Протоиерей Александр Шмеман - Статьи
Эпоха примирения христианства с империей хронологически совпала с началом величайших богословских кризисов и волнений в жизни Церкви, с периодом трудного и напряженного богословского осмысливания Церковью своего опыта, своей веры. Церковь раздирается ересями и расколами, мучительной и длительной борьбой партий и течений. Решаются основные и глубочайшие вопросы христианского богомудрия. И вот, здесь легче всего проверить этот «догматический» характер отношений Церкви с государством. В силу своего «воцерковления» империя, естественно, не может остаться нейтральной в этих конфликтах, не принять в них, в той или иной форме, прямого или косвенного участия. Да этого, прежде всего, не допускает сама Церковь. Если религиозное назначение империи — охранять истинную веру, быть православной, то о какой же нейтральности может идти речь? Поскольку император — член Церкви, он должен быть членом истинной, а не еретической Церкви. Император–еретик — это своего рода contradictio in adjecto [21], крушение всего смысла, всей радости совершившегося примирения. От правоверия империи зависит все внешнее дело Церкви, успех ее в мире. Для нашего современного сознания уже почти непонятны те надежды, которые возлагались тогда церковными деятелями на империю. Евсевий Кесарийский кажется нам придворным льстецом. Но мы не улавливаем той радости рождающейся теократической мечты Церкви, жажды реальной, видимой и ощутимой победы над миром, вдохновившей Евсевия и вознесшей так высоко и на все века первого христианского императора.

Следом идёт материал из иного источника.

Lemma is_mahler_hsubst_of_common_denominators (K : fieldType) (a b : RR)
    (F : RR -> K) d1 (P : nat -> {poly K}) d2 (Q : nat -> {poly K}) (N : nat) :
  a != 0 -> b != 0 ->
  P d1 != 0 -> mahler_rel a d1 P F -> Q d2 != 0 -> mahler_rel b d2 Q F ->
  (forall M : nat, exists2 L : nat, (0 < L)%N &
     forall s j : int, `|s| <= M%:Z -> `|j| <= M%:Z ->
       L%:R * (a ^ s * b ^ j) \is a Num.nat) ->
  exists l : nat, (0 < l)%N /\
    forall m n : int, `|m| < N%:Z -> `|n| < N%:Z ->
      is_mahler (a ^ n * b ^ m) (hsubst l%:R F).
Proof.
move=> a_nz b_nz Pd1_nz relP Qd2_nz relQ common_den.
pose B := (N * (d1 * d2))%N; pose M := (B + d1 + d2).+1.
have [L L_gt0 denL] := common_den M.
have L_nz : (L%:R : RR) != 0 by rewrite pnatr_eq0 -lt0n.
pose h : RR := L%:R^-1.
have expo s j : `|s| <= M%:Z -> `|j| <= M%:Z ->
    exists n : nat, n%:R * h = a ^ s * b ^ j.
  move=> le_sM le_jM; have /natrP[n e] := denL s j le_sM le_jM.
  by exists n; rewrite -e mulrAC mulfV // mul1r.
pose u (i j : int) := hsubst (a ^ i * b ^ j) F.
pose w (p : 'I_d1 * 'I_d2) := u p.1 p.2.
have rows (j : nat) : (j < d2)%N -> forall i : int, `|i| <= B%:Z -> fracspan h w (u i j).
  move=> lt_jd2 i le_iB; rewrite /u mulrC.
  apply: (fracspan_mahler_line (M := M) a_nz _ Pd1_nz relP); last lia.
  - by rewrite expfz_neq0.
  - by move=> s le_sM; rewrite mulrC; apply: expo => //; lia.
  - move=> i' lt_i'; rewrite mulrC.
    exact: (fracspan_mem h w (Ordinal lt_i', Ordinal lt_jd2)).
have grid (i j : int) : `|i| <= B%:Z -> `|j| <= B%:Z -> fracspan h w (u i j).
  move=> le_iB le_jB.
  apply: (fracspan_mahler_line (M := M) b_nz _ Qd2_nz relQ); last lia.
  - by rewrite expfz_neq0.
  - by move=> s le_sM; apply: expo => //; lia.
  - by move=> j' lt_j'; exact: rows.
exists L; split => // m n le_mN le_nN.
pose gam := a ^ n * b ^ m.
have v_span (j : 'I_(d1 * d2).+1) : fracspan h w (hsubst (gam ^+ j) F).
  have -> : gam ^+ j = a ^ (n * j%:Z) * b ^ (m * j%:Z) by rewrite exprMn -!exprz_exp.
  have le_j := ltn_ord j.
  by apply: grid; nia.
have [|lam [j1 lam_nz] rel] := fracspan_dependent _ v_span.
  by rewrite card_prod !card_ord.
exists (d1 * d2)%N, (fun j => lam (inord j)).
split; first by exists j1; rewrite inord_val -ltnS ltn_ord.
apply/mahler_relE.
transitivity (hsubst L%:R (\sum_j hmul h (lam j) (hsubst (gam ^+ j) F))).
  rewrite hsubst_sum; apply: eq_bigr => j _.
  by rewrite inord_val hpolymulE hsubst_hmul // mulfV // !hsubstM mulrC.
by rewrite rel; apply: boolp.funext.
Qed.

Lemma natr_mul_exprz_ratio (R : archiNumFieldType) (p q M : nat) (s : int) :
  (0 < p)%N -> (0 < q)%N -> `|s| <= M%:Z ->
  ((p * q) ^ M)%:R * (p%:R / q%:R : R) ^ s \is a Num.nat.
Proof.
move=> p_gt0 q_gt0 le_sM.
have [p_nz q_nz] : (p%:R : R) != 0 /\ (q%:R : R) != 0 by rewrite !pnatr_eq0 -!lt0n.
have -> : ((p * q) ^ M)%:R * (p%:R / q%:R : R) ^ s =
          p%:R ^ (M%:Z + s) * q%:R ^ (M%:Z - s).
  by rewrite natrX natrM exprMn expfzMl exprz_inv !expfzDr // !exprnP; ring.
have [-> ->] : M%:Z + s = (absz (M%:Z + s))%:Z /\ M%:Z - s = (absz (M%:Z - s))%:Z.
  by lia.
by rewrite -!exprnP rpredM ?rpredX ?natr_nat.
Qed.

Lemma ratr_gt0E (R : numFieldType) (x : rat) : 0 < x ->
  ratr x = (absz (numq x))%:R / (absz (denq x))%:R :> R.
Proof. by move=> x_gt0; rewrite !natr_absz !gtr0_norm ?denq_gt0 ?numq_gt0. Qed.

Theorem mainTheorem12 (K : fieldExtType rat) (alpha beta : rat)
  (halpha : 0 < alpha) (hbeta : 0 < beta)
  (hindep : mult_indep (ratr alpha : RR) (ratr beta : RR))
  (F : RR -> K) (hF : is_hahn F)
  (d1 : nat) (P : nat -> {poly K}) (hP : P d1 != 0)
  (hPeq : mahler_rel (ratr alpha : RR) d1 P F)
  (d2 : nat) (Q : nat -> {poly K}) (hQ : Q d2 != 0)
  (hQeq : mahler_rel (ratr beta : RR) d2 Q F)
  (N : nat) (hN : (0 < N)%N) :
  exists l : nat, (0 < l)%N /\
    forall m n : int, `|m| < N%:Z -> `|n| < N%:Z ->
      is_mahler ((ratr alpha : RR) ^ n * (ratr beta : RR) ^ m)
                (hsubst (l%:R : RR) F).
Proof.
have num_den_gt0 (x : rat) : 0 < x -> (0 < absz (numq x))%N /\ (0 < absz (denq x))%N.
  by move=> x_gt0; rewrite !absz_gt0 !gt_eqF ?numq_gt0 ?denq_gt0.
have [[p1_gt0 q1_gt0] [p2_gt0 q2_gt0]] := (num_den_gt0 _ halpha, num_den_gt0 _ hbeta).
apply: is_mahler_hsubst_of_common_denominators hP hPeq hQ hQeq _.
- by rewrite gt_eqF // ltr0q.
- by rewrite gt_eqF // ltr0q.
move=> M; exists ((`|numq alpha| * `|denq alpha|) ^ M * (`|numq beta| * `|denq beta|) ^ M)%N.
  by rewrite muln_gt0 !expn_gt0 !muln_gt0 p1_gt0 q1_gt0 p2_gt0 q2_gt0.
move=> s j le_sM le_jM; rewrite !ratr_gt0E // natrM mulrACA.
by apply: rpredM; apply: natr_mul_exprz_ratio.
Qed.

Но и для империи эти, как будто теоретические, вопросы богословия приобретают жизненное, практическое значение. С богословской борьбой вспыхивают и этнические страсти, догматические формулы прикрывают пробудившийся национализм разноплеменных окраин, само единство империи ставится под вопрос, и поэтому быть православной, гарантировать свое православие становится неотложной задачей империи. И вот мы видим, что все кризисы и перебои в церковно–государственных отношениях в эти века происходят именно на догматической, богословской почве. Если Церковь все время хочет иметь империю с собой в правой вере, не дать ей уклониться в ересь, то и империя, со своей стороны, стремится достичь примирения в самой Церкви, утишить бушующие религиозные страсти. Отсюда — вмешательство императоров в догматические споры, отсюда — имперски–государственный характер Вселенских Соборов, церковно–политический смысл энотикона, типоса и экфесиса [22]. Пути Церкви и государства сходятся все больше и больше, сливаются в единый путь. И необходимо понять, что сближаются они прежде всего на этой вероучительной почве. А этот «догматический союз» и есть основная черта византинизма.

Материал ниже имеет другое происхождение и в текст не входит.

Lemma ncl_proj_split (x : word m) : below j.+1 x ->
  exists w, ncl j w /\ x =R w ++ proj j x.
Proof.
elim: x => [|a x IH] /=; first by exists [::]; split; first exact: ncl_nil.
move=> /andP[a_le /IH [w [nw def_x]]]; rewrite /proj /= -/(proj j x).
case: ifPn => a_lt.
- exists (wconj (winv [:: a]) w); split; first exact: ncl_wconj.
  by rewrite -cat1s {1}def_x /wconj winvK -!catA rf_catK.
- have a_j : a.1 = j by apply/val_inj/eqP; rewrite eqn_leq -ltnS a_le leqNgt a_lt.
  exists ([:: a] ++ w); split; last by rewrite -cat1s {1}def_x catA.
  by apply: ncl_cat nw; case: a a_j {a_le a_lt} => i e /= ->; apply: ncl_letter.
Qed.

End NormalClosureSplitting.

Section SideCommutators.
Variables (m : nat) (side : 'I_m -> bool).
Implicit Types (k : 'I_m) (l : seq 'I_m) (om mu y : 'I_m -> word m) (w : word m).

Definition zcomm k w := if side k then wcomm w (gen k) else wcomm (gen k) w.

Definition zprod l om := flatten [seq zcomm k (om k) | k <- l].

Lemma zprod_cons k l om : zprod (k :: l) om = zcomm k (om k) ++ zprod l om.
Proof. by []. Qed.

Lemma eq_in_zprod l om om' : {in l, om =1 om'} -> zprod l om = zprod l om'.
Proof. by move=> eq_om; congr flatten; apply/eq_in_map => k /eq_om ->. Qed.

Lemma zcomm_nil k : zcomm k [::] =R [::].
Proof. by rewrite /zcomm; case: ifP; rewrite ?wcomm_nill ?wcomm_nilr. Qed.

Lemma zcomm_cat k w : exists pre yk, gen_conj k yk /\
  forall v, zcomm k (w ++ v) =R zcomm k w ++ wcomm (wconj pre v) yk.
Proof.
rewrite /zcomm; case: (side k).
- exists (wcomm w (gen k)), (wconj (w ++ gen k) (gen k)).
  by split=> [|v]; [exists (w ++ gen k), true | rf_group].
- exists (gen k ++ wcomm (gen k) w), (wconj w [:: (k, false)]).
  by split=> [|v]; [exists w, false | rf_group].
Qed.

Lemma zprod_mask (p : pred 'I_m) l om :
  zprod l (fun k => if p k then om k else [::]) =R zprod [seq k <- l | p k] om.
Proof.
elim: l => [|k l IH] //=; rewrite zprod_cons IH.
by case: (p k); rewrite // zcomm_nil.
Qed.

Lemma proj_zcomm b k w :
  proj b (zcomm k w) =R if k < b then zcomm k (proj b w) else [::].
Proof.
rewrite /zcomm; case: (side k); rewrite proj_wcomm proj_gen; case: ifP => // _.
- exact: wcomm_nilr.
- exact: wcomm_nill.
Qed.

Lemma proj_zprod b l om :
  proj b (zprod l om) =R zprod [seq k : 'I_m <- l | k < b] (fun k => proj b (om k)).
Proof.
elim: l => [|k l IH] //=; rewrite zprod_cons proj_cat IH proj_zcomm.
by case: ifP.
Qed.

Lemma zprod_absorb l om : uniq l ->
  exists y, (forall k, k \in l -> gen_conj k (y k)) /\
    forall mu, exists om', zprod l om' =R zprod l om ++ cprod l mu y.
Proof.
elim: l om => [|k l IH] om /=; first by exists (fun _ => [::]); split=> // mu; exists om.
move=> /andP[kl ul]; have [y [y_conj absorb]] := IH om ul.
have [pre [yk [yk_conj zk_cat]]] := zcomm_cat k (om k).
set Z := zprod l om.
exists (fun i => if i == k then wconj Z yk else y i); split.
  move=> i; rewrite in_cons; case: eqVneq => [-> _|_ /= /y_conj //].
  by case: yk_conj => g [e def_yk]; exists (g ++ Z), e; rewrite def_yk wconjM.
move=> mu; have [om' def_om'] := absorb mu.
exists (fun i => if i == k then om k ++ wconj (winv pre) (wconj (winv Z) (mu k)) else om' i).
have off_k (T : Type) (f g : 'I_m -> T) : {in l, (fun i => if i == k then f i else g i) =1 g}.
  by move=> i il /=; case: eqVneq il kl => // -> ->.
rewrite zprod_cons cprod_cons !eqxx (eq_in_zprod (off_k _ _ _)) def_om'.
rewrite (eq_in_cprod _ (off_k _ _ _)) zk_cat -/Z.
rewrite wconjKV zprod_cons -/Z -!(catA (zcomm k (om k))); apply: cat_rf_Proper => //.
by rewrite (catA (wcomm _ yk)) wcomm_wconjC -catA.
Qed.

End SideCommutators.

Definition ords_below m (b : nat) := [seq i : 'I_m <- enum 'I_m | i < b].

Section OrdinalLists.
Variable m : nat.

Lemma map_val_ords_below b : b <= m -> map val (ords_below m b) = iota 0 b.
Proof. by move=> bm; rewrite -(filter_iota_ltn 0 bm) -val_enum_ord filter_map. Qed.

Lemma ords_below0 : ords_below m 0 = [::].
Proof. by rewrite /ords_below (@eq_filter _ _ pred0) ?filter_pred0. Qed.

Lemma mem_ords_below b i : (i \in ords_below m b) = (i < b).
Proof. by rewrite mem_filter mem_enum andbT. Qed.

Lemma ords_belowS b (bm : b < m) : ords_below m b.+1 = rcons (ords_below m b) (Ordinal bm).
Proof.
apply: (inj_map val_inj); rewrite map_rcons !map_val_ords_below ?(ltnW bm) //.
by rewrite -addn1 iotaD cats1.
Qed.

Lemma ords_below_full : ords_below m m = enum 'I_m.
Proof. by apply/all_filterP/allP => i _; exact: ltn_ord. Qed.

Lemma ords_below_pred : ords_below m m.-1 = map (widen_ord (leq_pred m)) (enum 'I_m.-1).
Proof.
apply: (inj_map val_inj); rewrite map_val_ords_below ?leq_pred // -map_comp.
by rewrite (eq_map (g := val)) ?val_enum_ord.
Qed.

Lemma filter_others (j : 'I_m) c : c <= j.+1 ->
  [seq k : 'I_m <- others j | k < c] = ords_below m (minn c j).
Proof.
move=> cj; rewrite /others -filter_predI; apply: eq_filter => k /=.
rewrite leq_min; case: (ltnP k c) => //= kc.
have kj : k <= j by rewrite -ltnS (leq_trans kc cj).
by rewrite ltn_neqAle kj andbT.
Qed.

End OrdinalLists.

Definition powprod m (l : seq 'I_m) (al : 'I_m -> int) : word m :=
  flatten [seq wpow i (al i) | i <- l].

Lemma proj_powprod m b (l : seq 'I_m) al :
  (forall i, i \in l -> i < b) -> proj b (powprod l al) = powprod l al.
Proof.
elim: l => [|i l IH] // lb; rewrite /powprod /= proj_cat proj_wpow ?lb ?mem_head //.
by rewrite -/(powprod l al) IH // => i' il; rewrite lb // in_cons il orbT.
Qed.

Section NormalForm.
Variables (m : nat) (side : 'I_m -> bool).

Lemma normal_form_step b (bm : b < m) (x : word m) :
  (forall x', below b x' -> exists al om,
     x' =R powprod (rev (ords_below m b)) al ++ zprod side (ords_below m b.-1) om) ->
  below b.+1 x -> exists al om,
     x =R powprod (rev (ords_below m b.+1)) al ++ zprod side (ords_below m b) om.
Proof.
move=> IH xb; set j := Ordinal bm.
have [w [nw def_x]] := @ncl_proj_split m j x xb.
have [al [om def_px]] := IH _ (below_proj b x).
have [a [v [sv def_w]]] := ncl_split nw.
pose P := powprod (rev (ords_below m b)) al.
pose Z := zprod side (ords_below m b.-1) om.
have [y [y_conj absorb]] := zprod_absorb side (fun k => if k < b.-1 then om k else [::])
  (uniq_others j).
have y_conj' k : k != j -> gen_conj k (y k) by rewrite -mem_others; apply: y_conj.
have [mu [_ def_v']] : commspan j y (wconj (P ++ Z) v).
  by apply/(commspan_gen y_conj')/commspan_wconj => // k _; apply: gen_conj_gen.
have [om' def_om'] := absorb mu.
have def_Z : Z =R zprod side (others j) (fun k => if k < b.-1 then om k else [::]).
  by rewrite zprod_mask filter_others ?(minn_idPl (leq_pred b)) // (leq_trans (leq_pred b)).
have {}def_x : x =R wpow j a ++ P ++ zprod side (others j) om'.
  by rewrite def_x def_w def_px -/P -/Z -catA (wconjC v) def_v' def_Z -!catA -def_om'.
have := proj_rf_eq b.+1 def_x; rewrite proj_below // !proj_cat proj_wpow //.
rewrite proj_powprod; last by move=> i; rewrite mem_rev mem_ords_below => /ltnW.
rewrite proj_zprod filter_others // (minn_idPr (leqnSn b)) => {}def_x.
exists (fun i => if i == j then a else al i), (fun k => proj b.+1 (om' k)).
suff -> : powprod (rev (ords_below m b.+1)) (fun i => if i == j then a else al i) =
  wpow j a ++ P by rewrite def_x catA.
rewrite ords_belowS rev_rcons /powprod /= eqxx; congr (_ ++ flatten _).
apply/eq_in_map => i; rewrite mem_rev mem_ords_below => ib.
by rewrite ifN // -val_eqE neq_ltn ib.
Qed.

Lemma normal_form b (x : word m) : b <= m -> below b x -> exists al om,
  x =R powprod (rev (ords_below m b)) al ++ zprod side (ords_below m b.-1) om.
Proof.
elim: b x => [|b IH] x bm xb.
  by case: x xb => // _; exists (fun _ => 0%R), (fun _ => [::]); rewrite ords_below0.
by apply: normal_form_step => // x'; apply: IH; apply: ltnW.
Qed.

End NormalForm.

Theorem theorem4p1 (m : nat) (hm : (1 <= m)%N) (x : word m)
    (form : 'I_m.-1 -> bool) :
  exists (alpha : 'I_m -> int) (omega : 'I_m.-1 -> word m),
    rf_eq x
      (flatten [seq wpow i (alpha i) | i <- rev (enum 'I_m)] ++
       flatten [seq (if form j
                     then wcomm (omega j) (gen (widen_ord (leq_pred m) j))
                     else wcomm (gen (widen_ord (leq_pred m) j)) (omega j))
               | j <- enum 'I_m.-1]).
Proof.
pose side (k : 'I_m) := oapp form true (insub (val k)).
have xm : below m x by apply/allP => a _; exact: ltn_ord.
have [alpha [om def_x]] := normal_form side (leqnn m) xm.
exists alpha, (fun j => om (widen_ord (leq_pred m) j)).
rewrite def_x ords_below_full; apply: cat_rf_Proper => //.
rewrite ords_below_pred /zprod -map_comp.
by under eq_map => j do rewrite /= /zcomm /side /= valK.
Qed.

— — — — — — — — — — — — — — — — — — — — — — — — — — — — — — — — — — — —
3
— — — — — — — — — — — — — — — — — — — — — — — — — — — — — — — — — — — —
Здесь нужно открыть скобки. Может показаться, что, говоря все время об этом «догматическом», или «идеологическом», характере сближения Церкви с государством, мы упускаем из вида момент этический, стилизуем Церковь первых веков в какие–то несвойственные ей, исключительно, так сказать, «интеллектуальные» тона. Выходит так, что Церкви не было как будто никакого дела до нравственной стороны как–никак христианской империи, что все внимание ее поглощено было «правоверием» своего нового союзника. А между тем было бы странно напомнить о том моральном ригоризме, которым была проникнута первохристианская Церковь, и о том, что вся сила христианской проповеди, вся тайна ее быстрого распространения заключалась в этом несомом ею опыте новой жизни, обновлении всего человека. А богословское осмысливание этого опыта было в каком–то смысле вторичным моментом и возникло ради охранения церковной киригмы от разъедавших ее чуждых учений. И вот, не впадаем ли мы в тот, теперь уже устаревший, схематизм, согласно которому живым, и именно благодаря своему нравственному пафосу, было только первохристианство, а соглашение с империей лишило Церковь ее силы, пафос святости и героизма заменило интеллектуализмом и сложностью философских построений.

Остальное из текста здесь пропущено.